The morning started off in a somewhat normal, aside from the fact that Chad's fiance forget to change the time on her watch so woke us at 3am instead of 4am. But breakfast went well and besides feeling a little stiff I thought I would be okay. The swim went off as it usually does. Two thousand people running into each turning the lake into a washing machine. As is typical for me I don't really loosen up on the swim until about half way through, only today it took a bit longer and I was fighting a side cramp. Out of the water at 1:10 and into the bike transition. Once on the bike everything was tight. My hamstrings, my hip abductors, my back, my neck, my chest, at any moment I thought my whole body might cramp up. I've been here before and sometimes it loosens up. Not today. Today the entire bike ride was absolutely miserable. It was 112 miles of body agony and at about 2 and half hours in I contemplated quitting. I had to fight that feeling for the next 3.5 hours. I've never felt so close to quitting as I did today. It's hard to describe the feeling inside when you're body hurts so bad all you want to is stop curl up in the fetal position and sleep. Somehow I made it through. Somehow. I made it. I felt like absolute shit in the transition area from bike to run. Dizzy, headache and my body shutting down. Run I must. I started out and it was slow going, very slow. At one point I went into a port-a-potty and the whole thing felt like it was moving.
Inside the thought was I have to save this run. I cannot give in as I've done in the past. So I stopped ate some pretzels, some broth, two cups of gatorade and internally decided that I am going to push through. I am going to finish this race on shear will power. It got me through the bike and it will get me through this run. If it means I fall over in cramps so be it, if I throw up and faint bring it on. And push I did, something inside of me took over. Call it the internal animal, call it what you will, it took over and I transcended pain. Somehow, someway it left my body and a power and energy emerged the like's of which I've glimpsed in the past.

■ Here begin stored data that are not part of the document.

(* Let $G=(V,E)$ be a graph, let $k$ be a nonnegative integer, and let $\mathcal{M}$ be a nontrivial, unbounded graph matroid family with rank function $r$, dimensionality $d$, and threshold $t$. If $G$ is $k$-connected, $k$-vertex-redundantly $\mathcal{M}$-rigid, and has at least $k+t$ vertices, then $\mathcal{M}(G)$ is vertically $(k+1)$-connected.
   Context: All graphs are finite and simple and have no isolated vertices. A graph matroid family $\mathcal{M}$ assigns to every graph $G$ a matroid $\mathcal{M}(G)$ on $E(G)$ such that (i) every graph isomorphism $V(G)\to V(H)$ induces an isomorphism $\mathcal{M}(G)\to\mathcal{M}(H)$, and (ii) for every subgraph $H$ of $G$, $\mathcal{M}(H)$ is the restriction of $\mathcal{M}(G)$ to $E(H)$. $r(G)$ is the rank of $\mathcal{M}(G)$. $G$ is $\mathcal{M}$-rigid if $r(G)=r(K_{V(G)})$; it is $k$-vertex-redundantly $\mathcal{M}$-rigid if it is $\mathcal{M}$-rigid and remains so after deleting any set of at most $k$ vertices. $\mathcal{M}$ is nontrivial if some graph $G$ has $r(G)<|E(G)|$, unbounded if $r(K_n)$ is unbounded. An $\mathcal{M}$-circuit is a graph $C$ with $r(C)<|E(C)|$ and $r(C-e)=|E(C)|-1$ for all edges $e$. Dimensionality $d$: minimum over $\mathcal{M}$-circuits of (minimum degree $-1$); threshold $t$: minimum of $|V(C)|-1$ over $\mathcal{M}$-circuits $C$ of minimum degree $d+1$. For a matroid with rank function $r$ on ground set $E$ and positive integer $k$, a bipartition $(E_1,E_2)$ of $E$ is a vertical $k$-separation if $r(E_1),r(E_2)\ge k$ and $r(E_1)+r(E_2)\le r(E)+k-1$; the matroid is vertically $k$-connected if its rank is at least $k$ and it has no vertical $k'$-separation for any positive integer $k'<k$. *)

From mathcomp Require Import all_boot all_order finmap.
Set Implicit Arguments. Unset Strict Implicit. Unset Printing Implicit Defensive.
Local Open Scope fset_scope.

(* Vertices are natural numbers; an edge {u,v} (u <> v) is encoded as the
   ordered pair (u,v) with u < v.  A graph (without isolated vertices) is a
   finite set of such edges; its vertex set is the set of endpoints. *)
Definition edge := (nat * nat)%type.
Definition graph := {fset edge}.

Definition wf_graph (G : graph) : Prop := forall e, e \in G -> e.1 < e.2.

Definition verts (G : graph) : {fset nat} :=
  [fset e.1 | e in G] `|` [fset e.2 | e in G].

Definition mkedge (u v : nat) : edge := (minn u v, maxn u v).

Definition complete (V : {fset nat}) : graph :=
  [fset mkedge u v | u in V, v in V & u < v].

Definition Kn (n : nat) : graph := complete [fset i in iota 0 n].

Definition emap (f : nat -> nat) (e : edge) : edge := mkedge (f e.1) (f e.2).
Definition gmap (f : nat -> nat) (G : graph) : graph := [fset emap f e | e in G].

Definition deg (G : graph) (v : nat) : nat :=
  #|` [fset e in G | (e.1 == v) || (e.2 == v)] |.
Definition mindeg_ge (G : graph) (m : nat) : Prop :=
  forall v, v \in verts G -> m <= deg G v.
Definition has_mindeg (G : graph) (m : nat) : Prop :=
  mindeg_ge G m /\ exists2 v, v \in verts G & deg G v = m.

(* A graph matroid family.  mrk G X is the rank, in the matroid M(G) on E(G),
   of a subset X of E(G).  Values outside these arguments are irrelevant. *)
Record graph_matroid_family := GMF {
  mrk : graph -> graph -> nat;
  mrk_le_card : forall G X, wf_graph G -> X `<=` G -> mrk G X <= #|` X |;
  mrk_mono : forall G X Y, wf_graph G -> X `<=` Y -> Y `<=` G ->
    mrk G X <= mrk G Y;
  mrk_submod : forall G X Y, wf_graph G -> X `<=` G -> Y `<=` G ->
    mrk G (X `|` Y) + mrk G (X `&` Y) <= mrk G X + mrk G Y;
  mrk_iso : forall (f : nat -> nat) G X, injective f -> wf_graph G ->
    X `<=` G -> mrk (gmap f G) (gmap f X) = mrk G X;
  mrk_restr : forall G H X, wf_graph G -> H `<=` G -> X `<=` H ->
    mrk H X = mrk G X
}.

Section Fam.
Variable M : graph_matroid_family.

Definition r (G : graph) : nat := mrk M G G.

Definition nontrivial : Prop := exists G, wf_graph G /\ r G < #|` G |.
Definition unbounded : Prop := forall m, exists n, m <= r (Kn n).

Definition is_circuit (C : graph) : Prop :=
  wf_graph C /\ r C < #|` C | /\
  forall e, e \in C -> r (C `\ e) = (#|` C |).-1.

(* dimensionality d: minimum over circuits of (minimum degree - 1) *)
Definition is_dimensionality (d : nat) : Prop :=
  (exists C, is_circuit C /\ has_mindeg C d.+1) /\
  (forall C, is_circuit C -> mindeg_ge C d.+1).

(* threshold t: minimum of |V(C)| - 1 over circuits of minimum degree d+1 *)
Definition is_threshold (d t : nat) : Prop :=
  (exists C, [/\ is_circuit C, has_mindeg C d.+1 & (#|` verts C |).-1 = t]) /\
  (forall C, is_circuit C -> has_mindeg C d.+1 -> t <= (#|` verts C |).-1).

(* Rigidity of a graph with explicit vertex set V and edge set E (E within V);
   needed for G - X, which may contain isolated vertices. *)
Definition rigid_on (V : {fset nat}) (E : graph) : Prop := r E = r (complete V).
Definition rigid (G : graph) : Prop := rigid_on (verts G) G.

End Fam.

(* deletion of a vertex set X: edge set of G - X (vertex set is verts G `\` X) *)
Definition del (G : graph) (X : {fset nat}) : graph :=
  [fset e in G | (e.1 \notin X) && (e.2 \notin X)].

Definition connected_on (V : {fset nat}) (E : graph) : Prop :=
  forall u v, u \in V -> v \in V ->
    exists p : seq nat, path (fun a b => mkedge a b \in E) u p && (last u p == v).

Definition k_connected (G : graph) (k : nat) : Prop :=
  k < #|` verts G | /\
  forall X : {fset nat}, X `<=` verts G -> #|` X | < k ->
    connected_on (verts G `\` X) (del G X).

Definition vredundantly_rigid (M : graph_matroid_family) (G : graph) (k : nat) : Prop :=
  rigid M G /\
  forall X : {fset nat}, X `<=` verts G -> #|` X | <= k ->
    rigid_on M (verts G `\` X) (del G X).

Definition vertical_sep (M : graph_matroid_family) (G : graph) (k : nat) (E1 E2 : graph) : Prop :=
  [/\ E1 `|` E2 = G, E1 `&` E2 = fset0,
      k <= mrk M G E1, k <= mrk M G E2 &
      mrk M G E1 + mrk M G E2 <= mrk M G G + k - 1].

Definition vertically_connected (M : graph_matroid_family) (G : graph) (k : nat) : Prop :=
  k <= mrk M G G /\
  forall k', 0 < k' -> k' < k -> forall E1 E2, ~ vertical_sep M G k' E1 E2.

From mathcomp Require Import all_boot all_order finmap zify.
Set Implicit Arguments. Unset Strict Implicit. Unset Printing Implicit Defensive.

(* Induction on k, the case k = 0 being submodularity.  For the step, take a
   bipartition (A, B) of E(G); by connectivity some vertex z has edges in both A
   and B, and G - z satisfies the hypotheses for k - 1.  Rigidity of G and of
   G - z gives r(G) = r(G - z) + d, because adding a vertex to a complete graph on
   at least t vertices raises the rank by exactly d: any d edges at the new vertex
   add d to the rank (an edge at a vertex of degree at most d lies in no circuit,
   circuits having minimum degree d + 1), and a copy of a circuit on t + 1
   vertices with a vertex of degree d + 1 puts every further edge at the new
   vertex into the span of the complete graph and d such edges.  Deleting z
   lowers r(A) by at least min(d, deg_A z) and r(B) by at least min(d, deg_B z),
   while vertex redundancy forces deg z >= d + k; so A and B together lose more
   than d, which pays for the extra unit in min(k, r(A), r(B)).  Finally d > 0,
   since for d = 0 the rank of K_n would stop growing at n = t. *)

Local Open Scope fset_scope.
(* [fset_scope] reads [+] as concatenation of finite maps. *)
Local Open Scope nat_scope.

Lemma exists_fsubset_card (T : choiceType) (A : {fset T}) m :
  m <= #|`A| -> exists2 B, B `<=` A & #|`B| = m.
Proof.
move=> hm; exists [fset x in take m (enum_fset A)].
  by apply/fsubsetP => x; rewrite in_fset => /mem_take.
rewrite card_fseq undup_id ?take_uniq ?fset_uniq // size_take.
by move: hm; rewrite leq_eqVlt => /orP[/eqP->|->]; rewrite ?ltnn.
Qed.

Lemma exists_inj_extension (s u : seq nat) : uniq s -> uniq u -> size s <= size u ->
  exists2 f : nat -> nat, injective f & map f s = take (size s) u.
Proof.
move=> us uu su.
(* Off [s], [f] shifts past every element of [u]. *)
pose b := (\max_(i <- u) i).+1.
have ub j : j < size u -> nth 0 u j < b.
  by move=> /(mem_nth 0) ju; rewrite ltnS; exact: (@leq_bigmax_seq _ u xpredT id _ ju).
have ius x : x \in s -> index x s < size u by move=> xs; rewrite (leq_trans _ su) ?index_mem.
exists (fun x => if x \in s then nth 0 u (index x s) else x + b).
  move=> x y; case: ifP => xs; case: ifP => ys.
  - move=> /eqP; rewrite nth_uniq ?ius // => /eqP E.
    by rewrite -(nth_index 0 xs) E nth_index.
  - by have := ub _ (ius _ xs); lia.
  - by have := ub _ (ius _ ys); lia.
  - lia.
apply: (@eq_from_nth _ 0); first by rewrite size_map size_take_min; lia.
move=> i; rewrite size_map => lti.
by rewrite (nth_map 0) // mem_nth // index_uniq // nth_take.
Qed.
(* Invariant of Duplicator's strategy with k rounds left: pebbles within distance 2^k
   of each other on one side lie in the same summand on the other side, pebbles in
   summands of different kinds lie deep inside the ball, and few summands are used. *)
Record ef_inv (b1 b2 : bool) (k : nat) (e1 : nat -> world (U b1)) (e2 : nat -> world (U b2))
  : Prop := {
  inv_base : forall n, base (e1 n) = base (e2 n);
  inv_kind : forall n, full_copy b1 (copy_of (e1 n)) = full_copy b2 (copy_of (e2 n)) \/
                       reach M w (2 ^ q - 2 ^ k) (base (e1 n));
  inv_copy12 : forall n m, reach (U b1) (e1 n) (2 ^ k) (e1 m) -> copy_of (e2 n) = copy_of (e2 m);
  inv_copy21 : forall n m, reach (U b2) (e2 n) (2 ^ k) (e2 m) -> copy_of (e1 n) = copy_of (e1 m);
  inv_copies : exists L1 L2 : list copy, length L1 <= q - k + 1 /\ length L2 <= q - k + 1 /\
                 forall n, In (copy_of (e1 n)) L1 /\ In (copy_of (e2 n)) L2
}.
Arguments ef_inv : clear implicits.

Lemma ef_inv_sym b1 b2 k e1 e2 : ef_inv b1 b2 k e1 e2 -> ef_inv b2 b1 k e2 e1.
Proof.
  intros [Hbase Hkind H12 H21 [L1 [L2 [HL1 [HL2 HL]]]]]; constructor; auto.
  - intros n; rewrite <- Hbase; destruct (Hkind n); auto.
  - exists L2, L1; repeat split; auto; apply HL.
Qed.

Lemma ef_inv_rel b1 b2 k e1 e2 i a b : ef_inv b1 b2 k e1 e2 ->
  rel (U b1) i (e1 a) (e1 b) -> rel (U b2) i (e2 a) (e2 b).
Proof.
  intros inv Hab; split.
  - apply (inv_copy12 inv), reach_le with 1; [|apply pow2_step].
    apply reachS with (e1 a); [constructor | exists i; left; exact Hab].
  - rewrite <- !(inv_base inv); exact (proj2 Hab).
Qed.

Lemma ef_inv_eq b1 b2 k e1 e2 a b : ef_inv b1 b2 k e1 e2 -> e1 a = e1 b -> e2 a = e2 b.
Proof.
  intros inv E; apply amplify_world_eq.
  - apply (inv_copy12 inv); rewrite E; constructor.
  - rewrite <- !(inv_base inv), E; reflexivity.
Qed.

Lemma copy_agree_upd b1 b2 k e1 e2 x (a1 : world (U b1)) (a2 : world (U b2)) :
  (forall n m, reach (U b1) (e1 n) (2 ^ S k) (e1 m) -> copy_of (e2 n) = copy_of (e2 m)) ->
  (forall m, m <> x -> reach (U b1) a1 (2 ^ k) (e1 m) -> copy_of a2 = copy_of (e2 m)) ->
  forall n m, reach (U b1) (upd e1 x a1 n) (2 ^ k) (upd e1 x a1 m) ->
    copy_of (upd e2 x a2 n) = copy_of (upd e2 x a2 m).
Proof.
  intros Hold Hnew n m.
  destruct (Nat.eq_dec n x) as [->|Hn]; destruct (Nat.eq_dec m x) as [->|Hm];
    rewrite ?upd_eq, ?upd_neq by assumption; intros H.
  - reflexivity.
  - exact (Hnew m Hm H).
  - symmetry; exact (Hnew n Hn (reach_sym H)).
  - apply Hold, reach_le with (2 ^ k); [exact H | pose proof (pow2_step k); lia].
Qed.

Lemma ef_inv_upd b1 b2 k e1 e2 x (a1 : world (U b1)) (a2 : world (U b2)) :
  S k <= q -> ef_inv b1 b2 (S k) e1 e2 ->
  base a1 = base a2 ->
  full_copy b1 (copy_of a1) = full_copy b2 (copy_of a2) \/ reach M w (2 ^ q - 2 ^ k) (base a1) ->
  (forall m, m <> x -> reach (U b1) a1 (2 ^ k) (e1 m) -> copy_of a2 = copy_of (e2 m)) ->
  (forall m, m <> x -> reach (U b2) a2 (2 ^ k) (e2 m) -> copy_of a1 = copy_of (e1 m)) ->
  ef_inv b1 b2 k (upd e1 x a1) (upd e2 x a2).
Proof.
  intros Hk [Hbase Hkind H12 H21 [L1 [L2 [HL1 [HL2 HL]]]]] Ha Hak Hnew12 Hnew21.
  constructor.
  - intros n; destruct (Nat.eq_dec n x) as [->|Hn];
      rewrite ?upd_eq, ?upd_neq by assumption; auto.
  - intros n; destruct (Nat.eq_dec n x) as [->|Hn];
      rewrite ?upd_eq, ?upd_neq by assumption; [exact Hak|].
    destruct (Hkind n) as [E|Hdeep]; [left; exact E | right].
    apply reach_le with (2 ^ q - 2 ^ S k); [exact Hdeep | pose proof (pow2_step k); lia].
  - apply copy_agree_upd; assumption.
  - apply copy_agree_upd; assumption.
  - exists (copy_of a1 :: L1), (copy_of a2 :: L2); simpl; split; [lia | split; [lia|]].
    intros n; destruct (Nat.eq_dec n x) as [->|Hn];
      rewrite ?upd_eq, ?upd_neq by assumption; simpl; [auto|].
    split; right; apply HL.
Qed.

Lemma ef_lift_path b1 b2 k e1 e2 n (a1 : world (U b1)) :
  S k <= q -> ef_inv b1 b2 (S k) e1 e2 -> reach (U b1) (e1 n) (2 ^ k) a1 ->
  exists a2 : world (U b2), copy_of a2 = copy_of (e2 n) /\ base a2 = base a1 /\
                            reach (U b2) (e2 n) (2 ^ k) a2.
Proof.
  intros Hk inv Hr.
  pose proof (pow2_step k) as Hpow; pose proof (Nat.pow_le_mono_r 2 _ _ (Nat.neq_succ_0 1) Hk).
  pose proof (reach_amplify_in Hr) as Hin1.
  pose proof (proj1 (proj2_sig (e2 n))) as Hbounded.
  assert (Hpath : reach_in M (in_copy b2 (copy_of (e2 n))) (base (e2 n)) (2 ^ k) (base a1)).
  { rewrite <- (inv_base inv n).
    destruct (full_copy b2 (copy_of (e2 n))) eqn:F2.
    - apply reach_in_of_ball; [|exact (reach_in_reach Hin1)].
      intros y _; split; [exact Hbounded | left; exact F2].
    - destruct (full_copy b1 (copy_of (e1 n))) eqn:F1.
      + destruct (inv_kind inv n) as [E|Hdeep]; [congruence|].
        apply reach_in_of_ball; [|exact (reach_in_reach Hin1)].
        intros y Hy; split; [exact Hbounded | right].
        apply reach_le with (2 ^ q - 2 ^ S k + 2 ^ k); [exact (reach_trans Hdeep Hy) | lia].
      + apply (reach_in_weaken (P := in_copy b1 (copy_of (e1 n)))); [|exact Hin1].
        intros y [_ [E|Hy]]; [congruence | split; [exact Hbounded | right; exact Hy]]. }
  exists (exist _ (copy_of (e2 n), base a1) (reach_in_end Hpath)).
  split; [reflexivity | split; [reflexivity | apply reach_in_amplify, Hpath]].
Qed.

Our will is incredibly strong and if we are willing to harness it, it can bring us to new peaks of our existence.
People ask why I do it, and I have many responses to that question. Today I would say it's because we are meant to suffer and experience pain because it opens us to living power that is breathed in us.
2 comments:
I did track you for a bit till I had to leave to watch my bro-in-law graduate. Hope you're enjoying your day today and getting rested! I greatly appreciate and relate to your post! Great writing.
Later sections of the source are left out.